Tegenwoordig is het gratis entree, maar vroeger moest elke bezoeker aan de kassa een kaartje kopen. Je had natuurlijk mensen die daarvoor te pinnig waren. Daarom werden er vlak voor de kassa’s hekken met zwart boerenbondplastic gezet, zodat niemand van een afstandje gratis kon meekijken. Dat gaf de ronde natuurlijk ook weer extra cachet: dáár achter gebeurde het! Je kon de speaker en de muziek horen, misschien zelfs het snuiven van de renners, de windvlaag van het grote peloton, zoevende tubes over het asfalt. Onweerstaanbaar. Daar wilde je bij zijn.
Woonde je aan het parcours, dan hoefde je natuurlijk geen kaartje te kopen. Maar een paar dagen voor de wedstrijd kwam iemand van het wielercomité een programmablaadje brengen en beleefd om een vrijwillige bijdrage vragen. En – zo kennen we Maarheeze weer – dan waren de mensen heus niet toegenaaid. Voor de ronde van Maarheeze kon je echt wel iets missen. Want die ronde was van iedereen.
Een gouden truc was die van het sluiten van de kassa’s. Vlak voor het einde van de wedstrijd werd omgeroepen dat de kassa’s werden opgeheven en dat het personeel naar Hotel Noord-Brabant kon gaan om de ontvangsten af te dragen aan penningmeester Theo Vrijsen, die er naderhand de renners mee zou betalen. Vanaf dat moment was het gratis entree. Je had natuurlijk types die daarop wachtten. Ze bleven net zo lang achter dat zwarte boerenbondplastic staan, totdat ze de magische oproep hoorden. Dan slopen ze gratis binnen.
Daar had het wielercomité iets op gevonden. Ze lieten speaker Cor Wijdenes voortaan niet zes, maar tien rondes voor het einde omroepen dat de kassa’s konden sluiten. Maar vooraf hadden ze de mannen en vrouwen van de kassa’s op het hart gedrukt om die oproep nog een kwartiertje te negeren.
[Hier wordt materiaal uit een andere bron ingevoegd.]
(* dims = [I_1; ...; I_N] (0-based positions 0..N-1); the mode n is 0-based. *)

Fixpoint idx_tuples (ds : list nat) : list (list nat) :=
  match ds with
  | [] => [[]]
  | d :: ds' => flat_map (fun j => map (cons j) (idx_tuples ds')) (seq 0 d)
  end.

Definition valid_idx (dims : list nat) (i : list nat) : Prop :=
  length i = length dims /\ forall k, k < length dims -> nth k i 0 < nth k dims 0.

(* ---------- Values: free term algebra (no algebraic laws assumed) ---------- *)
Inductive term : Type :=
  | TX   (i : list nat)              (* tensor entry X(i_1,...,i_N) *)
  | TA   (k j r : nat)               (* factor entry A^(k)(j, r) *)
  | TMul (args : list term)          (* N-ary multiply *)
  | TAdd (a b : term).

Definition is_input (N : nat) (dims : list nat) (R n : nat) (t : term) : Prop :=
  (exists i, t = TX i /\ valid_idx dims i) \/
  (exists k j r, t = TA k j r /\ k < N /\ k <> n /\ j < nth k dims 0 /\ r < R).

(* operands of the multiply at point (i, r): X(i), then A^(k)(i_k, r) for k <> n, increasing k *)
Definition mul_args (N n : nat) (i : list nat) (r : nat) : list term :=
  TX i :: map (fun k => TA k (nth k i 0) r) (filter (fun k => negb (k =? n)) (seq 0 N)).

Definition prod_term (N n : nat) (i : list nat) (r : nat) : term :=
  TMul (mul_args N n i r).

(* the products contributing to B(iN, r) *)
Definition products_for (N : nat) (dims : list nat) (n iN r : nat) : list term :=
  map (fun i => prod_term N n i r)
      (filter (fun i => nth n i 0 =? iN) (idx_tuples dims)).

Inductive sum_tree : term -> list term -> Prop :=
  | sum_leaf t : sum_tree t [t]
  | sum_node a b la lb : sum_tree a la -> sum_tree b lb -> sum_tree (TAdd a b) (la ++ lb).

(* processors are 0..P-1; a state gives each processor's local memory (a list of values) *)
Definition state := nat -> list term.

Definition upd (s : state) (p : nat) (l : list term) : state :=
  fun q => if q =? p then l else s q.

Definition bounded (P M : nat) (s : state) : Prop :=
  forall p, p < P -> length (s p) <= M.

Inductive event : Type :=
  | ETransfer (src dst : nat) (t : term)   (* src sends one value t, dst receives it *)
  | EMul (p : nat) (args : list term)
  | EAdd (p : nat) (a b : term)
  | EDel (p : nat) (t : term).             (* p discards one copy of t *)

Inductive step (N P M : nat) : state -> event -> state -> Prop :=
  | st_transfer s src dst t :
      src < P -> dst < P -> src <> dst -> In t (s src) ->
      bounded P M (upd s dst (t :: s dst)) ->
      step N P M s (ETransfer src dst t) (upd s dst (t :: s dst))
  | st_mul s p args :
      p < P -> length args = N -> (forall a, In a args -> In a (s p)) ->
      bounded P M (upd s p (TMul args :: s p)) ->
      step N P M s (EMul p args) (upd s p (TMul args :: s p))
  | st_add s p a b :
      p < P -> In a (s p) -> In b (s p) ->
      bounded P M (upd s p (TAdd a b :: s p)) ->
      step N P M s (EAdd p a b) (upd s p (TAdd a b :: s p))
  | st_del s p t l1 l2 :
      p < P -> s p = l1 ++ t :: l2 ->
      step N P M s (EDel p t) (upd s p (l1 ++ l2)).

Inductive run (N P M : nat) : state -> list event -> state -> Prop :=
  | run_nil s : run N P M s [] s
  | run_cons s e s' es s'' :
      step N P M s e s' -> run N P M s' es s'' -> run N P M s (e :: es) s''.

Definition comm (p : nat) (es : list event) : nat :=
  length (filter (fun e => match e with
                           | ETransfer a b _ => orb (a =? p) (b =? p)
                           | _ => false
                           end) es).

Definition mttkrp_execution (N : nat) (dims : list nat) (R n P M : nat)
    (s0 : state) (es : list event) (sf : state) : Prop :=
  bounded P M s0 /\
  (forall p t, p < P -> In t (s0 p) -> is_input N dims R n t) /\
  (* the execution is legal (local operations only on local values, memory <= M throughout) *)
  run N P M s0 es sf /\
  (forall i r, In i (idx_tuples dims) -> r < R ->
     exists j q, nth_error es j = Some (EMul q (mul_args N n i r)) /\
       forall j' q', nth_error es j' = Some (EMul q' (mul_args N n i r)) -> j' = j) /\
  (* at the end, every output entry B(iN, r) is held by some processor, as a sum
     (by binary additions, in any order/bracketing) of exactly its products *)
  (forall iN r, iN < nth n dims 0 -> r < R ->
     exists p t ls, p < P /\ In t (sf p) /\ sum_tree t ls /\
       Permutation ls (products_for N dims n iN r)).

(* Cut the trace of each processor into segments in which it sends or receives [M] values
   (the last segment possibly fewer). During a segment a processor can use at most [3M]
   distinct tensor, factor and output entries: inputs must be held at the start (at most [M])
   or received, and a partial sum of an output [B(j, r)] started in the segment must be held
   at the end (at most [M]) or sent, because before its multiply no processor holds the
   product while at the end the output sum does. A discrete Loomis-Whitney argument (per rank
   index, the number of points is bounded by the product of the coordinate projections, then
   AM-GM) shows that a set of points with [X] tensor entries and [Z] factor and output
   entries has at most [X ^ (1 - 1/N) * Z / N] elements, so a segment holds at most
   [(3M) ^ (2 - 1/N) / N] multiplies. The processor performing at least [I R / P] multiplies
   therefore needs enough segments to give the bound. *)

From Stdlib Require Import List Reals Lra Lia Permutation ClassicalDescription.
(* Imported after [Reals], whose [bounded] it must shadow. *)
Import ListNotations.
From mathcomp Require Import ssreflect.
From mathcomp Require ssrfun ssrbool eqtype ssrnat seq zify.
(* Let $G=\mathrm{GL}_n$ over $L$ with diagonal torus $T$ and upper triangular Borel $B$, and let $Q=M\ltimes N$, $Q'=M'\ltimes N'$ be standard parabolic subgroups. Let $\nu\in X_*(Z_{M'})$ be a $B$-dominant cocharacter and let $w\in{}^{Q'}W^{Q}$. Put $Q^M_{w^{-1}}=M\cap w^{-1}Q'w$, a standard parabolic subgroup of $M$ with Levi $M_{w^{-1}}$, and $Q^{M'}_w=M'\cap wQw^{-1}$ with Levi $M'_w$. Then $w^{-1}\nu\in X_*(Z_{M_{w^{-1}}})$ and it is $(B\cap M)$-dominant. In particular the isomorphism $M'_w(L)\to M_{w^{-1}}(L)$, $m\mapsto w^{-1}mw$, maps $Z_{M'}^+$ into $Z_{M_{w^{-1}}}^+$.
   Context: $L/\mathbf Q_p$ finite with ring of integers $\mathcal O_L$ and uniformiser $\varpi_L$. $W$ is the Weyl group of $(G,T)$, $W_Q$ the Weyl group of $M$, and ${}^{Q'}W^Q$ the set of minimal length representatives of $W_{Q'}\backslash W/W_Q$. For a parabolic $P=M_P\ltimes N_P$ (of $G$ or of a Levi subgroup, standard with respect to the relevant Borel), $Z_{M_P}^+=\{z\in Z_{M_P}(L): zN_P(\mathcal O_L)z^{-1}\subset N_P(\mathcal O_L),\ z^{-1}\overline N_P^1z\subset\overline N_P^1\}$, where $\overline N_P^1$ is the kernel of reduction mod $\varpi_L$ on the opposite unipotent radical; $Z_{M_{w^{-1}}}^+$ is taken with respect to the parabolic $Q^M_{w^{-1}}$ of $M$. *)

From HB Require Import structures.
From mathcomp Require Import all_boot all_order all_algebra all_fingroup.
Set Implicit Arguments. Unset Strict Implicit. Unset Printing Implicit Defensive.
Import Order.TTheory GRing.Theory Num.Theory.
Local Open Scope ring_scope.

(* Simple roots: alpha_k = e_k - e_{k+1}, indexed by k : 'I_n.-1.
   A standard parabolic / standard Levi is given by a set J of simple roots.
   Weyl group W = 'S_n; w acts on the permutation matrix side by
   w e_j = e_{w j}.  Cocharacters of T are X_*(T) = Z^n, nu : 'I_n -> int,
   nu(t) = diag(t^{nu_i}). *)

(* i and j lie in the same block of the standard Levi M_J *)
Definition blk (n : nat) (J : {set 'I_n.-1}) (i j : 'I_n) : bool :=
  [forall k : 'I_n.-1, ((minn i j <= k)%N && (k < maxn i j)%N) ==> (k \in J)].

(* Weyl group W_J of M_J : permutation (matrices) lying in M_J *)
Definition Wgrp (n : nat) (J : {set 'I_n.-1}) : {set 'S_n} :=
  [set s : 'S_n | [forall i, blk J i (s i)]].

Definition len (n : nat) (w : 'S_n) : nat :=
  #|[set p : 'I_n * 'I_n | (p.1 < p.2)%N && (w p.2 < w p.1)%N]|.

(* ^{Q'}W^{Q}: minimal length representatives of W_{Q'} \ W / W_Q.
   In mathcomp (v * w * u) x = u (w (v x)), i.e. the function u o w o v,
   u in W_{Q'} on the left, v in W_Q on the right. *)
Definition minDCR (n : nat) (J' J : {set 'I_n.-1}) : {set 'S_n} :=
  [set w : 'S_n | [forall u in Wgrp J', forall v in Wgrp J,
                     (len w <= len (v * w * u)%g)%N]].

(* action of W on X_*(T): (w nu)(t) = w nu(t) w^{-1}, (w nu)_i = nu_{w^{-1} i} *)
Definition cochar_act (n : nat) (w : 'S_n) (nu : 'I_n -> int) : 'I_n -> int :=
  fun i => nu ((w^-1)%g i).

(* nu in X_*(Z_M), M the standard Levi with block relation S *)
Definition cochar_in_center (n : nat) (S : rel 'I_n) (nu : 'I_n -> int) : Prop :=
  forall i j, S i j -> nu i = nu j.

(* dominance w.r.t. the Borel B \cap M (M with block relation R):
   <alpha, nu> >= 0 for the positive roots e_i - e_j (i < j) of M *)
Definition dominant (n : nat) (R : rel 'I_n) (nu : 'I_n -> int) : Prop :=
  forall i j : 'I_n, (i < j)%N -> R i j -> nu j <= nu i.

(* the block relation of M_{w^{-1}} = M \cap w^{-1} M' w *)
Definition Mw_rel (n : nat) (J J' : {set 'I_n.-1}) (w : 'S_n) : rel 'I_n :=
  fun i j => blk J i j && blk J' (w i) (w j).

(* abstract discretely valued field data: O is a discrete valuation ring of L
   with uniformiser pi *)
Definition is_dvr (L : fieldType) (O : {pred L}) (pi : L) : Prop :=
  [/\ 0 \in O, 1 \in O,
      (forall x y, x \in O -> y \in O -> x + y \in O),
      (forall x, x \in O -> - x \in O) &
      (forall x y, x \in O -> y \in O -> x * y \in O)] /\
  [/\ pi \in O, pi^-1 \notin O &
      (forall x, x != 0 -> exists k : int, exists u,
         [/\ u \in O, u^-1 \in O & x = pi ^ k * u])].

(* Parabolic P inside the Levi with block relation R (R = all for G),
   standard w.r.t. B, with Levi block relation S (S refines R). *)
Definition Nrad (L : fieldType) (n : nat) (R S : rel 'I_n) (O : {pred L})
  (X : 'M[L]_n) : Prop :=
  forall i j : 'I_n,
    if i == j then X i j = 1
    else if [&& (i < j)%N, R i j & ~~ S i j] then is_true (X i j \in O) else X i j = 0.

(* \bar N_P^1 : kernel of reduction mod pi on \bar N_P(O_L) *)
Definition Nbar1 (L : fieldType) (n : nat) (R S : rel 'I_n) (O : {pred L})
  (pi : L) (Y : 'M[L]_n) : Prop :=
  forall i j : 'I_n,
    if i == j then Y i j = 1
    else if [&& (j < i)%N, R i j & ~~ S i j]
         then exists y, y \in O /\ Y i j = pi * y
         else Y i j = 0.

Definition Zcenter (L : fieldType) (n : nat) (S : rel 'I_n) (z : 'M[L]_n) : Prop :=
  [/\ (forall i j : 'I_n, i != j -> z i j = 0), z \in unitmx &
      (forall i j : 'I_n, S i j -> z i i = z j j)].

Definition Zplus (L : fieldType) (n : nat) (R S : rel 'I_n) (O : {pred L})
  (pi : L) (z : 'M[L]_n) : Prop :=
  [/\ Zcenter S z,
      (forall X, Nrad R S O X -> Nrad R S O (z *m X *m invmx z)) &
      (forall Y, Nbar1 R S O pi Y -> Nbar1 R S O pi (invmx z *m Y *m z))].

Definition pmx (L : fieldType) (n : nat) (w : 'S_n) : 'M[L]_n :=
  \matrix_(i, j) (i == w j)%:R.

Definition conj_inv (L : fieldType) (n : nat) (w : 'S_n) (m : 'M[L]_n) : 'M[L]_n :=
  invmx (pmx L w) *m m *m pmx L w.

From HB Require Import structures.
From mathcomp Require Import all_boot all_order all_algebra all_fingroup.
From mathcomp Require Import zify.
Import Order.TTheory GRing.Theory Num.Theory.
Local Open Scope ring_scope.
Set Implicit Arguments. Unset Strict Implicit.

(* An element w of ^{Q'}W^{Q} is increasing on every block of M: otherwise an
   adjacent transposition s in W_Q is a descent of w, and w s is a shorter
   element of the same double coset.  As (w^{-1} nu)_i = nu_{w i}, this gives the
   (B \cap M)-dominance of w^{-1} nu, while its centrality in M_{w^{-1}} comes
   from that of nu in M'.
   For a diagonal z in Z_{M_P}, each of the two contraction conditions defining
   Z_{M_P}^+ amounts to z_i / z_j \in O_L for every root e_i - e_j (i < j) of N_P.
   Conjugation by w permutes the diagonal entries, and w sends each such root of
   the radical of Q^M_{w^{-1}} to the positive root e_{w i} - e_{w j}, which lies
   outside M'; so the condition for z gives the one for w^{-1} z w. *)

Section MinimalRepresentatives.
Variable n : nat.
Implicit Types (J : {set 'I_n.-1}) (w : 'S_n).

Lemma blk_sym J : symmetric (blk J).
Proof. by move=> i j; rewrite /blk minnC maxnC. Qed.

Lemma blk_refl J i : blk J i i.
Proof. by apply/forallP => k; rewrite minnn maxnn; apply/implyP; lia. Qed.

Lemma blk_sub J (i j k l : 'I_n) :
  (i <= k)%N -> (k <= l)%N -> (l <= j)%N -> blk J i j -> blk J k l.
Proof.
move=> ik kl lj /forallP bij; apply/forallP => x; apply/implyP => xkl.
by apply: (implyP (bij x)); lia.
Qed.

Lemma Wgrp1 J : 1%g \in Wgrp J.
Proof. by rewrite inE; apply/forallP => x; rewrite perm1 blk_refl. Qed.

Lemma tperm_Wgrp J a b : blk J a b -> tperm a b \in Wgrp J.
Proof.
move=> ab; rewrite inE; apply/forallP => x.
by case: tpermP => [->|->|_ _]; rewrite ?blk_refl // blk_sym.
Qed.

Lemma adjacent_tperm_lt (a b x y : 'I_n) : b = a.+1 :> nat ->
  (x < y)%N -> (x, y) != (a, b) -> (tperm a b x < tperm a b y)%N.
Proof.
move=> ab xy; rewrite xpair_eqE !permE /= !(fun_if val) -!val_eqE /=.
by repeat case: eqP; lia.
Qed.

Lemma len_tperm_descent w (a b : 'I_n) : b = a.+1 :> nat ->
  (w b < w a)%N -> (len (tperm a b * w) < len w)%N.
Proof.
move=> ab wba; rewrite /len; set s := tperm a b.
set Inv_sw := [set p | _]; set Inv_w := [set p | _].
(* (x, y) |-> (s x, s y) injects the inversions of w s into those of w but (a, b). *)
pose ss (p : 'I_n * 'I_n) := (s p.1, s p.2).
have ss_inj : injective ss by move=> [x1 x2] [y1 y2] [/perm_inj-> /perm_inj->].
have ab_inv : (a, b) \in Inv_w by rewrite inE /= wba; lia.
suff : (#|ss @: Inv_sw| <= #|Inv_w :\ (a, b)|)%N.
  by rewrite card_imset // (cardsD1 (a, b) Inv_w) ab_inv; lia.
apply/subset_leq_card/subsetP => _ /imsetP[[x y] + ->].
rewrite !inE /= !permM => /andP[xy wsyx].
have xy_ab : (x, y) != (a, b).
  by apply: (contraTneq _ wsyx) => -[-> ->]; rewrite /s tpermL tpermR -leqNgt ltnW.
rewrite /ss /= wsyx adjacent_tperm_lt // !andbT; apply: (contraTneq _ xy) => -[sxa syb].
by rewrite -(tpermK a b x) -(tpermK a b y) -/s sxa syb /s tpermL tpermR ab -leqNgt.
Qed.

Lemma minDCR_adjacent (J' J : {set 'I_n.-1}) w (a b : 'I_n) :
  w \in minDCR J' J -> b = a.+1 :> nat -> blk J a b -> (w a < w b)%N.
Proof.
move=> wmin ab blk_ab; case: ltngtP => // [wba|/val_inj/perm_inj eab]; last first.
  by move: ab; rewrite eab; lia.
move: wmin; rewrite inE => /forall_inP/(_ 1%g (Wgrp1 J'))/forall_inP.
move=> /(_ _ (tperm_Wgrp blk_ab)); rewrite mulg1 leqNgt.
by rewrite len_tperm_descent.
Qed.

Lemma minDCR_increasing (J' J : {set 'I_n.-1}) w (i j : 'I_n) :
  w \in minDCR J' J -> (i < j)%N -> blk J i j -> (w i < w j)%N.
Proof.
move=> wmin ij blk_ij.
pose f m := nat_of_ord (w (insubd i m)).
pose D := [pred m | (i <= m <= j)%N].
have insubdE m : m \in D -> nat_of_ord (insubd i m) = m.
  rewrite inE val_insubd; case: ifP => //; have := ltn_ord j; lia.
have f_step : {in D, forall m, m.+1 \in D -> (f m < f m.+1)%N}.
  move=> m mD m1D; apply: minDCR_adjacent wmin _ _; first by rewrite !insubdE.
  by apply: (blk_sub _ _ _ blk_ij); rewrite ?insubdE //; move: mD m1D; rewrite !inE; lia.
have D_convex : {in D &, forall a b k, (a < k < b)%N -> k \in D}.
  by move=> a b + + k; rewrite !inE; lia.
have [iD jD] : nat_of_ord i \in D /\ nat_of_ord j \in D by rewrite !inE; lia.
by have := homo_ltn_in (@ltn_trans) D_convex f_step iD jD ij; rewrite /f !valKd.
Qed.

End MinimalRepresentatives.

Section DiagonalConjugation.
Variables (L : fieldType) (n : nat).
Implicit Types (d : 'rV[L]_n) (z X : 'M[L]_n).

Lemma diag_mx_of_diagonal z :
  (forall i j, i != j -> z i j = 0) -> z = diag_mx (\row_i z i i).
Proof.
move=> zd; apply/matrixP => i j; rewrite !mxE.
by case: eqVneq => [->|/zd->]; rewrite ?mulr1n ?mulr0n.
Qed.

Lemma unitmx_diag d : (diag_mx d \in unitmx) = [forall i, d 0 i != 0].
Proof.
by rewrite unitmxE det_diag unitfE; apply/prodf_neq0/forallP => [h i|h i _]; apply: h.
Qed.

Lemma invmx_diag d :
  (forall i, d 0 i != 0) -> invmx (diag_mx d) = diag_mx (\row_i (d 0 i)^-1).
Proof.
move=> dnz; have dV : diag_mx d *m diag_mx (\row_i (d 0 i)^-1) = 1%:M.
  apply/matrixP => i j; rewrite mul_diag_mx !mxE.
  by case: eqVneq => [->|_]; rewrite ?mulr1n ?mulfV ?mulr0n ?mulr0.
by rewrite -[invmx _]mulmx1 -dV mulmxA mulVmx ?mul1mx ?unitmx_diag; last exact/forallP.
Qed.

Variable z : 'M[L]_n.
Hypotheses (z_diag : forall i j, i != j -> z i j = 0) (z_unit : z \in unitmx).

Lemma diagonal_unit_neq0 i : z i i != 0.
Proof.
have := z_unit; rewrite [X in X \in unitmx](diag_mx_of_diagonal z_diag) unitmx_diag.
by move=> /forallP/(_ i); rewrite mxE.
Qed.

Lemma conj_diagE X i j : (z *m X *m invmx z) i j = z i i * X i j / z j j.
Proof.
rewrite [z in LHS](diag_mx_of_diagonal z_diag) invmx_diag => [|k]; last first.
  by rewrite mxE diagonal_unit_neq0.
by rewrite mul_diag_mx mul_mx_diag !mxE.
Qed.

Lemma conjV_diagE X i j : (invmx z *m X *m z) i j = (z i i)^-1 * X i j * z j j.
Proof.
rewrite [z in LHS](diag_mx_of_diagonal z_diag) invmx_diag => [|k]; last first.
  by rewrite mxE diagonal_unit_neq0.
by rewrite mul_diag_mx mul_mx_diag !mxE.
Qed.

End DiagonalConjugation.

Section PermutationConjugation.
Variables (L : fieldType) (n : nat) (w : 'S_n).

Lemma pmxE : pmx L w = perm_mx w^-1.
Proof. by apply/matrixP => i j; rewrite !mxE (canF_eq (permKV w)). Qed.

Lemma invmx_perm_mx (s : 'S_n) : invmx (perm_mx s : 'M[L]_n) = perm_mx s^-1.
Proof.
by rewrite -[invmx _]mulmx1 -perm_mx1 -(mulgV s) perm_mxM mulmxA mulVmx ?unitmx_perm ?mul1mx.
Qed.

Lemma conj_invE (z : 'M[L]_n) i j : conj_inv w z i j = z (w i) (w j).
Proof. by rewrite /conj_inv pmxE invmx_perm_mx invgK -row_permE -col_permE !mxE. Qed.

Lemma unitmx_conj_inv (z : 'M[L]_n) : (conj_inv w z \in unitmx) = (z \in unitmx).
Proof. by rewrite /conj_inv pmxE !unitmx_mul unitmx_inv unitmx_perm andbT. Qed.

Lemma Zcenter_conj_inv (S S' : rel 'I_n) (z : 'M[L]_n) :
  (forall i j, S' i j -> S (w i) (w j)) -> Zcenter S z -> Zcenter S' (conj_inv w z).
Proof.
move=> SS' [z_diag z_unit z_blk]; split; rewrite ?unitmx_conj_inv // => i j.
  by rewrite !conj_invE => ij; apply: z_diag; rewrite (inj_eq perm_inj).
by rewrite !conj_invE => /SS'; apply: z_blk.
Qed.

End PermutationConjugation.

Section ContractingCenter.
Variables (L : fieldType) (O : {pred L}) (pi : L) (n : nat).
Hypotheses (O0 : 0 \in O) (O1 : 1 \in O)
  (O_mul : forall x y, x \in O -> y \in O -> x * y \in O).

Definition integral_ratios (R S : rel 'I_n) (z : 'M[L]_n) :=
  forall i j : 'I_n, (i < j)%N -> R i j -> ~~ S i j -> z i i / z j j \in O.

Lemma Zplus_integral_ratios R S z : Zplus R S O pi z -> integral_ratios R S z.
Proof.
case=> -[z_diag z_unit _] zN _ i j ij Rij Sij.
have nij : (i == j) = false by rewrite -val_eqE /= ltn_eqF.
pose X : 'M[L]_n := \matrix_(p, q) ((p == q) || (p == i) && (q == j))%:R.
have X_Nrad : Nrad R S O X.
  move=> p q; rewrite mxE; case: eqVneq => [_|_] //=.
  case: (boolP ((p == i) && (q == j))) => [/andP[/eqP-> /eqP->]|_].
    by rewrite ij Rij Sij.
  by case: ifP.
have := zN X X_Nrad i j; rewrite conj_diagE // mxE nij !eqxx ij Rij Sij /=.
by rewrite mulr1.
Qed.

Lemma Zplus_of_integral_ratios R S z : symmetric R -> symmetric S ->
  Zcenter S z -> integral_ratios R S z -> Zplus R S O pi z.
Proof.
move=> R_sym S_sym zC ratios; have [z_diag z_unit _] := zC.
have z_neq0 := diagonal_unit_neq0 z_diag z_unit.
split=> // [X XN | Y YN] i j.
- rewrite conj_diagE //; have := XN i j; case: eqVneq => [<- ->|_].
    by rewrite mulr1 mulfV.
  case: ifP => [/and3P[ij Rij Sij] XO | _ ->]; last by rewrite mulr0 mul0r.
  by rewrite mulrAC mulrC; apply: O_mul => //; apply: ratios.
- rewrite conjV_diagE //; have := YN i j; case: eqVneq => [<- ->|_].
    by rewrite mulr1 mulVf.
  case: ifP => [/and3P[ji Rij Sij] [y [yO ->]] | _ ->]; last by rewrite mulr0 mul0r.
  exists (y * (z j j / z i i)); split.
    by apply: O_mul => //; apply: ratios => //; [rewrite R_sym | rewrite S_sym].
  by rewrite mulrCA -mulrA [_ * y]mulrC -mulrA [_^-1 * _]mulrC.
Qed.

Lemma integral_ratios_conj_inv (R S R' S' : rel 'I_n) (w : 'S_n) (z : 'M[L]_n) :
  (forall i j : 'I_n, (i < j)%N -> R' i j -> ~~ S' i j ->
     [/\ (w i < w j)%N, R (w i) (w j) & ~~ S (w i) (w j)]) ->
  integral_ratios R S z -> integral_ratios R' S' (conj_inv w z).
Proof.
move=> w_roots ratios i j ij R'ij S'ij; have [wij Rw Sw] := w_roots i j ij R'ij S'ij.
by rewrite !conj_invE; apply: ratios.
Qed.

End ContractingCenter.

Theorem lemma4p17 (n : nat) (J J' : {set 'I_n.-1}) (nu : 'I_n -> int) (w : 'S_n) :
  cochar_in_center (blk J') nu ->
  dominant (fun _ _ => true) nu ->
  w \in minDCR J' J ->
  [/\ cochar_in_center (Mw_rel J J' w) (cochar_act (w^-1)%g nu),
      dominant (blk J) (cochar_act (w^-1)%g nu) &
      forall (L : fieldType) (O : {pred L}) (pi : L), is_dvr O pi ->
        forall z : 'M[L]_n,
          Zplus (fun _ _ => true) (blk J') O pi z ->
          Zplus (blk J) (Mw_rel J J' w) O pi (conj_inv w z)].
Proof.
move=> nu_central nu_dom wmin; have w_incr := minDCR_increasing wmin.
split.
- by move=> i j /andP[_ blk'_ij]; rewrite /cochar_act invgK; apply: nu_central.
- by move=> i j ij blk_ij; rewrite /cochar_act invgK; apply: nu_dom => //; apply: w_incr.
move=> L O pi [[O0 O1 _ _ O_mul] _] z zplus; have [zC _ _] := zplus.
apply: Zplus_of_integral_ratios => //.
- exact: blk_sym.
- by move=> i j; rewrite /Mw_rel blk_sym [blk J' _ _]blk_sym.
- by apply: Zcenter_conj_inv zC => i j /andP[].
apply: integral_ratios_conj_inv (Zplus_integral_ratios O0 O1 zplus) => i j ij blk_ij.
by rewrite /Mw_rel blk_ij => nblk'; split => //; apply: w_incr.
Qed.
Dan stroomden ineens allerlei mensen toe om nog snel het wielrennen te zien. Gratis? Die kassiers en kassières wisten van niks en bleven de klaplopers verbaasd aankijken. Die begonnen zich ondraaglijk te schamen en betaalden vlug hun entreekaartje. Op de valreep kwam er zo nog behoorlijk wat geld binnen.
Maar dat is allemaal historie sinds het evenement gratis toegankelijk is en de financiering geregeld wordt via gulle sponsors en consumptiemunten in de feesttent. Hierdoor krijg je behalve de wielerliefhebbers natuurlijk ook mensen binnen, die meer geïnteresseerd zijn in de passerende obers dan in de voorbij flitsende renners. Het zij zo. Een koers zonder bierpomp is als een paard zonder teugels. Als niemand maar vergeet dat de Mijl van Mares in de kern om wielersport gaat. Met een mooie erelijst waarmee het dorp tot in Rio de Janeiro kan pronken. Succes jongens! Zet ‘m op!